Other natural features within the park include:
 Some of the driest mountain beech or tawhairauriki forest and kanuka shrublands of the region;
 Species-rich shrublands;
 Unusual plants and animals adapted to the unstable screes and rock ridges, such as vegetable sheep, South Island edelweiss, penwiper, Haast’s scree buttercup and scree lobelia;
 Some of the best populations of the vulnerable scree pea;
 Several species of mountain daisy carpet some of the more stable slopes;
 Native grasshoppers, weta, cockroaches, lizards and butterflies;
 Kea, falcon or karearea and pipit or pihoihoi inhabit the grasslands; and
 Tomtit or miromiro, riflemen or titipounamu, and brown creeper or pipipi are present in the beech forests.

It is an important area for botanising, scientific research and natural history studies.
It has been used for several long-term studies on mountain land stability and is known as a type–location for many plants and animals. Many of the research sites remain important as internationally renowned benchmarks.

The Torlesse Range is one of the most accessible in the country, which is entirely appropriate for a park that owes its creation to local people. It is located alongside State Highway 73, only one and a quarter hours drive from Christchurch. Travellers between Christchurch and the West Coast gain an increasingly panoramic view of the park as they approach the hills, as we all did today.

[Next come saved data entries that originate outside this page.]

Lemma sum_sqr_below_le : t < 2 ->
  \sum_(j <- s | u j <= al) w j * u j ^+ 2 <= residual_const t * K * al `^ (2 - t).
Proof.
move=> t_lt2.
have h0 : (0 : R) < 2^-1 by rewrite invr_gt0.
have g0 : 0 < al / 2 by rewrite divr_gt0.
have q1 : 2^-1 `^ (2%:R - t) < 1.
  by rewrite powR_lt1 // pmulr_rlt0 ?subr_gt0 // ln_lt0 // h0 invf_lt1 // ltr1n.
set M := (\max_(j <- s) Num.Def.archi_bound (al / u j))%N.
have cover j : j \in s -> u j <= al -> w j * u j ^+ 2 = 0 \/
    exists2 k, (k < M)%N & al / 2 * 2^-1 ^+ k < u j <= 2 * (al / 2 * 2^-1 ^+ k).
  move=> js uj_le; have [->|uj0] := eqVneq (u j) 0.
    by left; rewrite expr0n mulr0.
  right; have uj_gt0 : 0 < u j by rewrite lt0r uj0 u_ge0.
  pose P k := al * 2^-1 ^+ k < u j.
  have P0 : ~~ P 0%N by rewrite /P expr0 mulr1 -leNgt.
  have PM : P M.
    have := upper_nthrootP
      (leq_bigmax_seq (F := fun i => Num.Def.archi_bound (al / u i)) _ js isT).
    by rewrite /P exprVn ltr_pdivrMr ?exprn_gt0 // ltr_pdivrMr // mulrC.
  have [k kM /andP[]] := exists_switch P0 PM; rewrite /P -leNgt exprS => le_k lt_k1.
  exists k => //; rewrite -mulrA lt_k1 /=.
  by have -> : 2 * (al * (2^-1 * 2^-1 ^+ k)) = al * 2^-1 ^+ k by field.
apply: le_trans (dyadic_sum_le K_ge0 g0 h0 q1 u_ge0 w_ge0 level_le cover) _.
by rewrite /residual_const powRM ?(ltW al_gt0) ?(ltW h0) //; lra.
Qed.

Lemma sum_above_le : 1 < t ->
  \sum_(j <- s | al < u j) w j * u j <= thresh_const t * K * al `^ (1 - t).
Proof.
move=> t_gt1.
have q1 : 2 `^ (1%:R - t) < 1.
  by rewrite powR_lt1 // pmulr_llt0 ?ln_gt0 ?ltr1n // subr_lt0.
set M := (\max_(j <- s) Num.Def.archi_bound (u j / al))%N.
have cover j : j \in s -> al < u j -> w j * u j ^+ 1 = 0 \/
    exists2 k, (k < M)%N & al * 2 ^+ k < u j <= 2 * (al * 2 ^+ k).
  move=> js al_lt; right.
  pose P k := u j <= al * 2 ^+ k.
  have P0 : ~~ P 0%N by rewrite /P expr0 mulr1 -ltNge.
  have PM : P M.
    have := upper_nthrootP
      (leq_bigmax_seq (F := fun i => Num.Def.archi_bound (u i / al)) _ js isT).
    by rewrite ltr_pdivrMr // mulrC => /ltW.
  have [k kM /andP[]] := exists_switch P0 PM; rewrite /P -ltNge exprS => lt_k le_k1.
  by exists k => //; rewrite lt_k mulrCA.
apply: le_trans (dyadic_sum_le K_ge0 al_gt0 _ q1 u_ge0 w_ge0 level_le cover) _ => //.
by rewrite mulr1n /thresh_const; lra.
Qed.

End WeakSums.
End DyadicSums.

Section ExtendedPowers.
Context {R : realType}.

Lemma poweR2_le (W : \bar R) (c : R) : (0 <= W)%E -> (W <= c%:E)%E ->
  (W `^ 2 <= (c ^+ 2)%:E)%E.
Proof.
move=> W0 Wc; have c0 : 0 <= c by rewrite -lee_fin (le_trans W0).
rewrite -powR_mulrn // -poweR_EFin.
by apply: gt0_ler_poweR; rewrite // in_itv /= ?lee_fin ?W0 ?c0 leey.
Qed.
(* Let $F_i=F$ for all $i\in[A]$, suppose $\sum_{k\ge1}1/F(k)=\infty$ and that $L(k):=F(k)/k$ is increasing. Then there is an almost surely finite random constant $c>0$ such that $\chi_i(n)\ge e^{-cL(n)}$ for all $n\ge1$ and all $i\in[A]$.
   Context: Fix $A\ge2$, $[A]=\{1,\dots,A\}$. The generalized Pólya urn with feedback $F:\mathbb{N}\to(0,\infty)$ is the Markov chain $X(n)\in\mathbb{N}^A$ with $X_i(0)\ge1$ and $\mathbb{P}(X(n+1)=X(n)+e^{(i)}\mid X(n))=F(X_i(n))/\sum_jF(X_j(n))$; $N=\sum_jX_j(0)$ and $\chi_i(n)=X_i(n)/(N+n)$. *)

From HB Require Import structures.
From mathcomp Require Import all_boot all_order all_algebra.
From mathcomp Require Import all_classical all_reals all_analysis.
Set Implicit Arguments. Unset Strict Implicit. Unset Printing Implicit Defensive.
Import Order.TTheory GRing.Theory Num.Theory.
Local Open Scope classical_set_scope.
Local Open Scope ring_scope.

(* Urn configurations: X(n) in N^A, indexed by 'I_A = [A] (0-based). *)
Definition config (A : nat) := {ffun 'I_A -> nat}.

Definition add_ball (A : nat) (x : config A) (i : 'I_A) : config A :=
  [ffun j => (x j + (j == i))%N].

Definition urn_step_prob (R : realType) (A : nat) (F : nat -> R)
  (x : config A) (i : 'I_A) : R :=
  F (x i) / \sum_(j < A) F (x j).
Lemma NF_enc_exists K n A : in_range n K A ->
  exists2 N, in_range n K N /\ NF N & enc K n N = enc K n A.
Proof.
elim: K n A => [|K IH] n A hA.
  by rewrite (in_range0 hA); exists [::]; split=> //; apply: NF_nil.
case: (eqVneq A [::]) => [->|nA]; first by exists [::]; split=> //; apply: NF_nil.
set g := enc K n.+1.
have [Ns eNs hNs] : exists2 Ns, map g Ns = maxsub lexn (map g (splitw n A)) &
    {in Ns, forall N, in_range n.+1 K N /\ NF N}.
  apply: exists_map_preim => u /(mem_subseq (maxsub_subseq _ _)) /mapP [X hX ->].
  by have [N] := IH n.+1 X (in_range_splitw hA hX); exists N.
have hsorted : lex_sorted (map g Ns) by rewrite eNs; apply: maxsub_sorted lexn_trans _.
have encA : enc K.+1 n A = pack (map g Ns) by rewrite encS // eNs.
case: Ns eNs hNs hsorted encA => [|N1 [|N2 Ns]] eNs hNs hsorted encA.
- by move/esym/eqP: eNs; rewrite maxsub_eq0 -size_eq0 size_map size_eq0 (negbTE (splitw_neq0 _ _)).
- have [hN1 nfN1] := hNs N1 (mem_head _ _).
  have nN1 : N1 != [::].
    by apply: contraNneq (maxsub_blocks_neq_nil0 nA hA) => e1; rewrite -eNs e1 /= /g enc_nil.
  exists N1; last by rewrite encA enc_wrap ?(in_range_notin hN1).
  by split=> //; apply: in_range_weaken hN1; rewrite ?addSnnS.
- have [hr nf e] := NF_joinw (isT : 1 < size [:: N1, N2 & Ns]) hNs hsorted.
  by exists (joinw n [:: N1, N2 & Ns]); rewrite ?e.
Qed.

(** * Slices *)

Lemma enc_rcons_sep K n b :
  enc K.+1 n (rcons b n) = pack (rcons (maxsub lexn (map (enc K n.+1) (splitw n b))) [:: 0]).
Proof.
rewrite encS; last by case: b.
rewrite splitw_rcons_sep map_rcons enc_nil maxsub_rcons //.
by move=> a /mapP [P _ ->]; apply/lex_nil0/enc_neq0.
Qed.

Lemma lex_enc_rcons_sep K n b :
  lexn (enc K.+1 n b) (enc K.+1 n (rcons b n)) && (enc K.+1 n b != enc K.+1 n (rcons b n)).
Proof.
rewrite enc_rcons_sep; set R := maxsub _ _.
have bR : {in rcons R [:: 0], forall c, is_block c}.
  move=> c; rewrite mem_rcons inE => /orP[/eqP->|/maxsub_enc_block //].
  exact: (enc_block 0 0 [::]).
case: (eqVneq b [::]) => [->|nb].
  by rewrite enc_nil lex_nil0 ?pack_eq0F //= eq_sym pack_eq_nil0 -size_eq0 size_rcons.
have bR' : {in R, forall c, is_block c} by move=> c /maxsub_enc_block.
rewrite encS // -/R lex_pack // prefix_lex ?prefix_rcons //=.
by apply/eqP => /(pack_inj bR' bR) /(congr1 size); rewrite size_rcons => /n_Sn.
Qed.

Lemma enc_below_sep K n P : in_range n K.+1 P ->
  lexn (enc K.+1 n P) (enc K.+1 n [:: n]) -> enc K.+1 n P != enc K.+1 n [:: n] -> P = [::].
Proof.
move=> hP; case: (eqVneq P [::]) => // nP.
have nil0 : [:: 0] = enc K n.+1 [::] by rewrite enc_nil.
rewrite -[[:: n]]/(rcons [::] n) enc_rcons_sep encS // /= -nil0.
set S := maxsub _ _; have bS : {in S, forall c, is_block c} by move=> c /maxsub_enc_block.
have b00 : {in [:: [:: 0]; [:: 0]], forall c, is_block c}.
  by move=> c; rewrite !inE => /orP[]/eqP->; rewrite nil0; apply: enc_block.
rewrite lex_pack // => hle hne.
have S0 : S != [:: [:: 0]] by apply: maxsub_blocks_neq_nil0.
have S1 : S != [::] by rewrite maxsub_eq0 -size_eq0 size_map size_eq0 splitw_neq0.
have hS : {in S, forall c, lexn [:: 0] c}.
  by move=> c /(mem_subseq (maxsub_subseq _ _)) /mapP [X _ ->]; apply/lex_nil0/enc_neq0.
have h00 : {in [:: [:: 0]; [:: 0]], forall c, c = [:: 0]} by move=> c; rewrite !inE => /orP[]/eqP.
move: (lex_bot_prefix lexn_anti hS h00 hle) => {hS hle bS}.
case: S hne S0 S1 => [|a [|b [|c S]]] hne S0 S1 //.
- by rewrite prefix_cons andbT => /eqP ea; rewrite ea eqxx in S0.
- by rewrite !prefix_cons andbT => /andP[/eqP ea /eqP eb]; rewrite ea eb eqxx in hne.
- by move/size_prefix.
Qed.

Lemma enc_rcons_sep_succ K n P b : in_range n K.+1 P ->
  lexn (enc K.+1 n b) (enc K.+1 n P) -> lexn (enc K.+1 n P) (enc K.+1 n (rcons b n)) ->
  enc K.+1 n P != enc K.+1 n (rcons b n) -> enc K.+1 n P = enc K.+1 n b.
Proof.
move=> hP h1 h2 h3; case: (eqVneq b [::]) => [eb|nb].
  by rewrite eb (enc_below_sep hP) // -[[:: n]]/(rcons [::] n) -eb.
case: (eqVneq P [::]) => [eP|nP].
  by move: h1; rewrite eP enc_nil lex_nil0r ?enc_neq0 // enc_eq_nil0 // (negbTE nb).
move: h1 h2 h3; rewrite enc_rcons_sep !encS //.
set R := maxsub _ (map _ (splitw n b)); set S := maxsub _ _.
have bR : {in R, forall c, is_block c} by move=> c /maxsub_enc_block.
have bS : {in S, forall c, is_block c} by move=> c /maxsub_enc_block.
have bR0 : {in rcons R [:: 0], forall c, is_block c}.
  by move=> c; rewrite mem_rcons inE => /orP[/eqP->|/bR //]; apply: (enc_block 0 0 [::]).
rewrite !lex_pack // => h1 h2 h3; congr pack; apply: (lex_between lexn_anti _ h1 h2).
  by move=> c /(mem_subseq (maxsub_subseq _ _)) /mapP [X _ ->]; apply/lex_nil0/enc_neq0.
by apply: contra_neq h3 => ->.
Qed.

Lemma enc_inj_blocks K n A B : in_range n K.+1 A -> NF A -> in_range n K.+1 B -> NF B ->
  {in splitw n A ++ splitw n B &, injective (enc K n.+1)}.
Proof.
move=> hA nfA hB nfB; have [nfsA _] := NF_blocks nfA hA; have [nfsB _] := NF_blocks nfB hB.
have blk Z : Z \in splitw n A ++ splitw n B -> in_range n.+1 K Z /\ NF Z.
  by rewrite mem_cat => /orP[] hZ; split; [exact: in_range_splitw hA hZ|exact: nfsA
    |exact: in_range_splitw hB hZ|exact: nfsB].
by move=> X Y /blk[hX nfX] /blk[hY nfY]; apply: enc_inj.
Qed.

Theorem slice_enc n K A B : in_range n K.+2 A -> NF A -> in_range n K.+2 B -> NF B -> B != [::] ->
  (A != [::]) && prefix (splitw n B) (splitw n A) =
  [&& lexn (enc K.+2 n B) (enc K.+2 n A), lexn (enc K.+2 n A) (enc K.+2 n (rcons B n.+1))
    & ~~ lexn (enc K.+2 n (rcons B n.+1)) (enc K.+2 n A)].
Proof.
move=> hA nfA hB nfB nB; case: (eqVneq A [::]) => [->|nA].
  by rewrite enc_nil lex_nil0r ?enc_neq0 // enc_eq_nil0 // (negbTE nB).
set G := enc K.+1 n.+1.
have [[_ sA] [_ sB]] := (NF_blocks nfA hA, NF_blocks nfB hB).
have [bs [bl [eB eB1]]] := @splitw_rcons n B n.+1 (negbT (gtn_eqF (ltnSn n))).
have /andP[lt1 lt2] := lex_enc_rcons_sep K n.+1 bl.
have bG X c : c \in map G X -> is_block c by move=> /mapP [P _ ->]; apply: enc_block.
set w := maxsub lexn (rcons (map G bs) (G (rcons bl n.+1))).
have bw : {in w, forall c, is_block c}.
  move=> c /(mem_subseq (maxsub_subseq _ _)); rewrite mem_rcons inE => /orP[/eqP->|/bG //].
  exact: enc_block.
have EA : enc K.+2 n A = pack (map G (splitw n A)) by rewrite encS // (maxsub_id lexn_trans).
have EB : enc K.+2 n B = pack (map G (splitw n B)) by rewrite encS // (maxsub_id lexn_trans).
have EB1 : enc K.+2 n (rcons B n.+1) = pack w by rewrite encS ?eB1 ?map_rcons //; case: (B).
have eGB : map G (splitw n B) = rcons (map G bs) (G bl) by rewrite eB map_rcons.
have hsucc : {in map G (splitw n A) ++ map G bs, forall c, lexn (G bl) c ->
    lexn c (G (rcons bl n.+1)) -> c != G (rcons bl n.+1) -> c = G bl}.
  move=> c; rewrite mem_cat => /orP[] /mapP [P hP ->]; apply: enc_rcons_sep_succ.
    exact: in_range_splitw hA hP.
  by apply: in_range_splitw hB _; rewrite eB mem_rcons inE hP orbT.
rewrite -[~~ false]/true andTb -(prefix_map_in (enc_inj_blocks hB nfB hA nfA)) eGB.
rewrite (prefix_lex_succ (lex_refl _) lexn_anti lexn_trans lexn_total lt1 lt2) -?eGB //.
rewrite EA EB EB1 !lex_pack //; try by move=> c /bG.
rewrite -/G -/w; congr andb; apply: andb_id2l => huw.
by rewrite (lex_neq lexn_anti huw).
Qed.

(** * Definability in the structure on W^N_3 *)

Local Notation code A := (enc 4 0 A).

Lemma W3_in_range A : W3 A = in_range 0 4 A.
Proof. by apply: eq_all => x; rewrite leq0n add0n ltnS. Qed.

Lemma wle_code A B : W3 A -> W3 B -> (wle A B <-> lexn (code A) (code B)).
Proof. by move=> hA hB; apply: wle_enc; rewrite in_range_cat -!W3_in_range hA hB. Qed.

Lemma W3N_ltE a b :
  W3N_lt a b <-> lexn (code (sval a)) (code (sval b)) && ~~ lexn (code (sval b)) (code (sval a)).
Proof.
case: a => A [wA nfA]; case: b => B [wB nfB].
rewrite /W3N_lt /wlt /= (wle_code wA wB) (wle_code wB wA).
by split=> [[-> /negP]|/andP[-> /negP]].
Qed.

Lemma W3N_nonmin b : (exists a, W3N_lt a b) <-> sval b != [::].
Proof.
split=> [[a /W3N_ltE /andP[_]]|nb].
  by apply: contra => /eqP->; rewrite enc_nil lex_nil0 ?enc_neq0.
exists W3N_nil; apply/W3N_ltE.
by rewrite [sval W3N_nil]/= enc_nil lex_nil0 ?enc_neq0 // lex_nil0r ?enc_neq0 // enc_eq_nil0.
Qed.

Lemma diamond1_code b : code (sval (diamond 1 b)) = code (rcons (sval b) 1).
Proof.
case: b => B [wB nfB] /=.
have wB1 : W3 (rcons B 1) by move: wB; rewrite /W3 all_rcons => ->.
have [N [hN nfN] eN] : exists2 N, in_range 0 4 N /\ NF N & code N = code (rcons B 1).
  by apply: NF_enc_exists; rewrite -W3_in_range.
have wN : W3 N by rewrite W3_in_range.
have ex : exists d : W3N, weq (sval d) (rcons B 1).
  by exists (exist _ N (conj wN nfN)); rewrite /weq /= !wle_code // eN lex_refl.
have [] := epsilon_spec (inhabits W3N_nil) (fun d : W3N => weq (sval d) (rcons B 1)) ex.
rewrite /diamond; case: (epsilon _ _) => D [wD nfD] /= h1 h2.
by apply: lexn_anti; apply/andP; split; [apply/(wle_code wD wB1)|apply/(wle_code wB1 wD)].
Qed.

Lemma Sl_splitw a b : Sl a b <->
  [/\ sval a != [::], sval b != [::] & prefix (splitw 0 (sval b)) (splitw 0 (sval a))].
Proof.
case: a b => A [wA nfA] [B [wB nfB]]; rewrite /Sl /=; split.
  case=> nA [nB [Cs [m [hm1 [hm2 [hCs [eA eB]]]]]]].
  have nCs : Cs != [::] by case: (Cs) hm2 => //; rewrite leqn0 => /eqP m0; rewrite m0 in hm1.
  have h0 : {in Cs, forall C, 0 \notin C} by move=> C /(allP hCs) /allP hC; apply/negP => /hC.
  have nt : take m Cs != [::] by case: (Cs) nCs => // c Cs' _; case: (m) hm1.
  split; [exact/eqP|exact/eqP|].
  rewrite eA eB !splitw_joinw // ?prefix_take // => C /mem_take; exact: h0.
case=> nA nB hp; split; first exact/eqP.
split; first exact/eqP.
exists (splitw 0 A), (size (splitw 0 B)); rewrite size_splitw; split=> //.
split; first by rewrite -size_splitw; apply: size_prefix.
split.
  by apply/allP => P hP; apply/allP => x /(mem_splitw hP) /andP[_]; rewrite lt0n.
by move: hp; rewrite prefixE size_splitw => /eqP ->; rewrite !joinw_splitw.
Qed.

Lemma slice_code A B : W3 A -> NF A -> W3 B -> NF B ->
  [/\ A != [::], B != [::] & prefix (splitw 0 B) (splitw 0 A)] <->
  [/\ B != [::], lexn (code B) (code A) &
      lexn (code A) (code (rcons B 1)) && ~~ lexn (code (rcons B 1)) (code A)].
Proof.
rewrite !W3_in_range => hA nfA hB nfB.
case: (eqVneq B [::]) => [->|nB]; first by split=> [[]|[]].
have := slice_enc hA nfA hB nfB nB; case: (A != [::]) => /=.
  by move=> ->; case: and3P => [[-> -> ->]|h]; split=> [[]|[]]// _ h1 /andP[h2 h3]; case: h.
by move=> /esym /and3P h; split=> [[]|[_ h1 /andP[h2 h3]]] //; case: h.
Qed.

Lemma Sl_order a b :
  Sl a b <-> (exists c, W3N_lt c b) /\ ~ W3N_lt a b /\ W3N_lt a (diamond 1 b).
Proof.
have notlt x y : ~ (lexn x y && ~~ lexn y x) <-> lexn y x.
  split=> [h|-> /andP[]//]; apply/negPn/negP => h1; apply: h.
  by move: (lexn_total x y); rewrite (negbTE h1) orbF => ->.
rewrite W3N_nonmin !W3N_ltE notlt diamond1_code Sl_splitw.
case: a b => A [wA nfA] [B [wB nfB]] /=; rewrite (slice_code wA nfA wB nfB).
by split=> [[]|[? []]].
Qed.

Definition slice_formula : form :=
  FAnd (FEx 2 (FLt (TVar 2) (TVar 1)))
       (FAnd (FNot (FLt (TVar 0) (TVar 1))) (FLt (TVar 0) (TD1 (TVar 1)))).

Theorem lemma6 : definable2 Sl.
Proof.
by exists slice_formula => e; rewrite Sl_order.
Qed.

The area is already popular for a wide range of activities such as tramping and hunting, winter climbing and cross-country skiing, picnicking and boating on Lake Lyndon.

A sense that recreation in the area should essentially remain low key has come through, with support for the continuation of these traditional activities, with little need for additional recreational structures.

This is a milestone achievement for the conservation and protection of high country values, and I am sure it will be the first of many.

I am pleased to formally declare open the Korowai Torlesse Tussocklands Park.